> [What you are asked to do]
Only lines containing the string "move" belong in the answer; find them in the records and copy them.
******************************
(* Let $U\subseteq\mathbb{E}^s$ be a Pseudo-Riemannian affine homogeneous domain and let $G\le \mathrm{Isom}(U)$ be a subgroup having an open orbit in $\mathbb{R}^n$. Then the centraliser $Z$ of $G$ in $E(s)$ is a connected unipotent group which is nilpotent of class at most two, and every $g\in Z$ satisfies $(g-I_{n+1})^2=0$.
   Context: $\mathbb{E}^s=(\mathbb{R}^n,\langle\cdot,\cdot\rangle_s)$ is pseudo-Euclidean space with a scalar product of signature $s$, and $E(s)=\mathbb{R}^n\rtimes O(s)$ its isometry group, viewed in $\mathrm{Aff}(n)\subset GL(n+1,\mathbb{R})$ via $\begin{pmatrix} g&t\\0&1\end{pmatrix}$. A Pseudo-Riemannian affine homogeneous domain is a connected open $U\subseteq\mathbb{R}^n$ such that $\mathrm{Isom}(U)=\{A\in E(s):A(U)=U\}$ acts transitively on $U$. $I_{n+1}$ is the identity matrix. *)

From Stdlib Require Import Reals.
From mathcomp Require Import ssreflect ssrfun ssrbool eqtype ssrnat seq fintype bigop.

Set Implicit Arguments.
Unset Strict Implicit.
Unset Printing Implicit Defensive.

Local Open Scope R_scope.

Definition vec (n : nat) := 'I_n -> R.
Definition mat (N : nat) := 'I_N -> 'I_N -> R.

Definition mmul (N : nat) (A B : mat N) : mat N :=
  fun i j => \big[Rplus/0]_(k < N) (A i k * B k j).
Definition mid (N : nat) : mat N := fun i j => if i == j then 1 else 0.
Definition mzero (N : nat) : mat N := fun _ _ => 0.
Arguments mid : clear implicits.
Arguments mzero : clear implicits.
Definition msub (N : nat) (A B : mat N) : mat N := fun i j => A i j - B i j.
Fixpoint mpow (N : nat) (A : mat N) (k : nat) : mat N :=
  match k with O => mid N | S k' => mmul A (mpow A k') end.
Definition mtr (N : nat) (A : mat N) : mat N := fun i j => A j i.

(* Coordinates 0..n-1 of R^{n+1}; the last index ord_max is the affine one. *)
Definition emb (n : nat) (i : 'I_n) : 'I_n.+1 := widen_ord (leqnSn n) i.

(* Linear part g of an affine matrix [[g, t],[0, 1]]. *)
Definition linpart (n : nat) (A : mat n.+1) : mat n :=
  fun i j => A (emb i) (emb j).

(* A scalar product on R^n: a nondegenerate symmetric bilinear form with
   Gram matrix S (its signature s is whatever it is). *)
Definition scalar_product (n : nat) (S : mat n) : Prop :=
  (forall i j, S i j = S j i) /\
  (forall x : vec n,
     (forall y : vec n,
        \big[Rplus/0]_(i < n) \big[Rplus/0]_(j < n) (x i * S i j * y j) = 0) ->
     forall i, x i = 0).

(* The isometry group E(s) = R^n x| O(s), inside Aff(n) ⊂ GL(n+1, R). *)
Definition in_E (n : nat) (S : mat n) (A : mat n.+1) : Prop :=
  (forall j : 'I_n, A ord_max (emb j) = 0) /\ A ord_max ord_max = 1 /\
  mmul (mtr (linpart A)) (mmul S (linpart A)) = S.

Definition act (n : nat) (A : mat n.+1) (x : vec n) : vec n :=
  fun i => \big[Rplus/0]_(k < n) (A (emb i) (emb k) * x k) + A (emb i) ord_max.

Definition openV (n : nat) (P : vec n -> Prop) : Prop :=
  forall x, P x -> exists eps, 0 < eps /\
    forall y : vec n, (forall i, Rabs (y i - x i) < eps) -> P y.
Definition openM (N : nat) (P : mat N -> Prop) : Prop :=
  forall A, P A -> exists eps, 0 < eps /\
    forall B : mat N, (forall i j, Rabs (B i j - A i j) < eps) -> P B.

Definition connected_in (T : Type) (opn : (T -> Prop) -> Prop) (Z : T -> Prop) :=
  forall O1 O2, opn O1 -> opn O2 ->
    (forall z, Z z -> O1 z \/ O2 z) ->
    (forall z, Z z -> O1 z -> O2 z -> False) ->
    (forall z, Z z -> ~ O1 z) \/ (forall z, Z z -> ~ O2 z).

Definition Isom (n : nat) (S : mat n) (U : vec n -> Prop) (A : mat n.+1) : Prop :=
  in_E S A /\ forall y, U y <-> exists x, U x /\ act A x = y.

Definition homogeneous_domain (n : nat) (S : mat n) (U : vec n -> Prop) : Prop :=
  (exists x, U x) /\ openV U /\ connected_in (@openV n) U /\
  forall x y, U x -> U y -> exists A, Isom S U A /\ act A x = y.

Definition is_subgroup (N : nat) (G : mat N -> Prop) : Prop :=
  G (mid N) /\ (forall A B, G A -> G B -> G (mmul A B)) /\
  (forall A, G A -> exists B, G B /\ mmul A B = mid N /\ mmul B A = mid N).

Definition has_open_orbit (n : nat) (G : mat n.+1 -> Prop) : Prop :=
  exists x : vec n, openV (fun y => exists A, G A /\ act A x = y).

Definition centraliser_E (n : nat) (S : mat n) (G : mat n.+1 -> Prop)
  (g : mat n.+1) : Prop :=
  in_E S g /\ forall h, G h -> mmul g h = mmul h g.

Definition unipotent (N : nat) (g : mat N) : Prop :=
  exists k, mpow (msub g (mid N)) k = mzero N.

(* Nilpotent of class at most two: every commutator [a,b] = a b a^-1 b^-1
   is central. *)
Definition nilpotent_class_le2 (N : nat) (Z : mat N -> Prop) : Prop :=
  forall a a' b b' c, Z a -> Z a' -> Z b -> Z b' -> Z c ->
    mmul a a' = mid N -> mmul b b' = mid N ->
    mmul (mmul (mmul a b) (mmul a' b')) c = mmul c (mmul (mmul a b) (mmul a' b')).

(* Let G act by isometries of E^s with an open orbit G.x0, and let z commute
   with G.  Writing z = [[I + N, c], [0, 1]], the displacement y |-> z.y - y
   has constant S-norm on the orbit of x0, because
   z.(g.x0) - g.x0 = L_g (z.x0 - x0) and L_g is an isometry.  Near x0 the
   displacement is u + N v (u := z.x0 - x0, v := y - x0), a quadratic
   polynomial in v, so all its coefficients vanish: N^T S N = 0 and
   S(u, N e_i) = 0.  Combined with the isometry equation
   (I+N)^T S (I+N) = S this gives S N = - N^T S, hence S N^2 = 0, N^2 = 0
   and N c = 0 by nondegeneracy of S: every element z of the centraliser
   satisfies (z - I)^2 = 0, and the whole affine line I + t (z - I) stays in
   the centraliser.  Purely algebraically, a multiplicatively closed set of
   such matrices containing these lines is a subgroup whose elements
   z - I pairwise anticommute, so it is nilpotent of class at most two; and
   it is connected since the lines join every element to the identity. *)
From Stdlib Require Import Reals Lra FunctionalExtensionality Classical.
From HB Require Import structures.
From mathcomp Require Import ssreflect ssrfun ssrbool eqtype ssrnat seq fintype bigop.

Set Implicit Arguments.
Unset Strict Implicit.
Local Open Scope R_scope.

(* Addition on R as a commutative monoid law, so that the bigop lemmas
   (splitting, exchanging, reindexing sums) apply to \big[Rplus/0]. *)
HB.instance Definition _ :=
  Monoid.isComLaw.Build R 0 Rplus (fun x y z => esym (Rplus_assoc x y z))
    Rplus_comm Rplus_0_l.

Lemma sumrMr (n : nat) (c : R) (F : 'I_n -> R) :
  c * (\big[Rplus/0]_(i < n) F i) = \big[Rplus/0]_(i < n) (c * F i).
Proof. by apply: (big_endo (fun x => c * x)) => [x y|]; ring. Qed.

Lemma sumrMl (n : nat) (c : R) (F : 'I_n -> R) :
  (\big[Rplus/0]_(i < n) F i) * c = \big[Rplus/0]_(i < n) (F i * c).
Proof. by apply: (big_endo (fun x => x * c)) => [x y|]; ring. Qed.

Lemma sumrD (n : nat) (F G : 'I_n -> R) :
  \big[Rplus/0]_(i < n) (F i + G i) =
  \big[Rplus/0]_(i < n) F i + \big[Rplus/0]_(i < n) G i.
Proof. exact: big_split. Qed.

Lemma sum_delta (n : nat) (i : 'I_n) (F : 'I_n -> R) :
  \big[Rplus/0]_(k < n) ((if i == k then 1 else 0) * F k) = F i.
Proof.
rewrite (bigD1 i) //= eqxx Rmult_1_l big1 ?Rplus_0_r //.
by move=> k /negPf; rewrite eq_sym => ->; ring.
Qed.

Lemma sum_delta' (n : nat) (i : 'I_n) (F : 'I_n -> R) :
  \big[Rplus/0]_(k < n) (F k * (if k == i then 1 else 0)) = F i.
Proof.
by rewrite -[RHS](@sum_delta n i F); apply: eq_bigr => k _; rewrite eq_sym; ring.
Qed.

Lemma sum_nonneg (n : nat) (F : 'I_n -> R) : (forall k, 0 <= F k) ->
  0 <= \big[Rplus/0]_(k < n) F k.
Proof.
by move=> H; apply: (big_ind (fun x => 0 <= x)) => [|x y|k _]; [lra | lra | exact: H].
Qed.

Lemma term_le_sum (n : nat) (F : 'I_n -> R) i : (forall k, 0 <= F k) ->
  F i <= \big[Rplus/0]_(k < n) F k.
Proof.
move=> H; rewrite (bigD1 i) //=.
have : 0 <= \big[Rplus/0]_(k < n | k != i) F k.
  by apply: (big_ind (fun x => 0 <= x)) => [|x y|k _]; [lra | lra | exact: H].
by move=> ?; rewrite -{1}(Rplus_0_r (F i)); apply: Rplus_le_compat_l.
Qed.

Definition madd (N : nat) (A B : mat N) : mat N := fun i j => A i j + B i j.
Definition mscale (N : nat) (a : R) (A : mat N) : mat N := fun i j => a * A i j.

Lemma meq (N : nat) (A B : mat N) : (forall i j, A i j = B i j) -> A = B.
Proof. by move=> H; do 2 apply: functional_extensionality => ?; exact: H. Qed.

Section MatrixAlgebra.
Variable N : nat.
Implicit Types A B C : mat N.

Lemma mmulA A B C : mmul (mmul A B) C = mmul A (mmul B C).
Proof.
apply: meq => i j; rewrite /mmul.
rewrite (eq_bigr (fun k => \big[Rplus/0]_(l < N) (A i l * B l k * C k j)));
  last by move=> k _; rewrite sumrMl.
rewrite exchange_big; apply: eq_bigr => l _; rewrite sumrMr.
by apply: eq_bigr => k _; ring.
Qed.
******************************
> [Result]
by move=> k /negPf; rewrite eq_sym => ->; ring.
by move=> H; apply: (big_ind (fun x => 0 <= x)) => [|x y|k _]; [lra | lra | exact: H].
move=> H; rewrite (bigD1 i) //=.
by move=> ?; rewrite -{1}(Rplus_0_r (F i)); apply: Rplus_le_compat_l.
Proof. by move=> H; do 2 apply: functional_extensionality => ?; exact: H. Qed.
  last by move=> k _; rewrite sumrMl.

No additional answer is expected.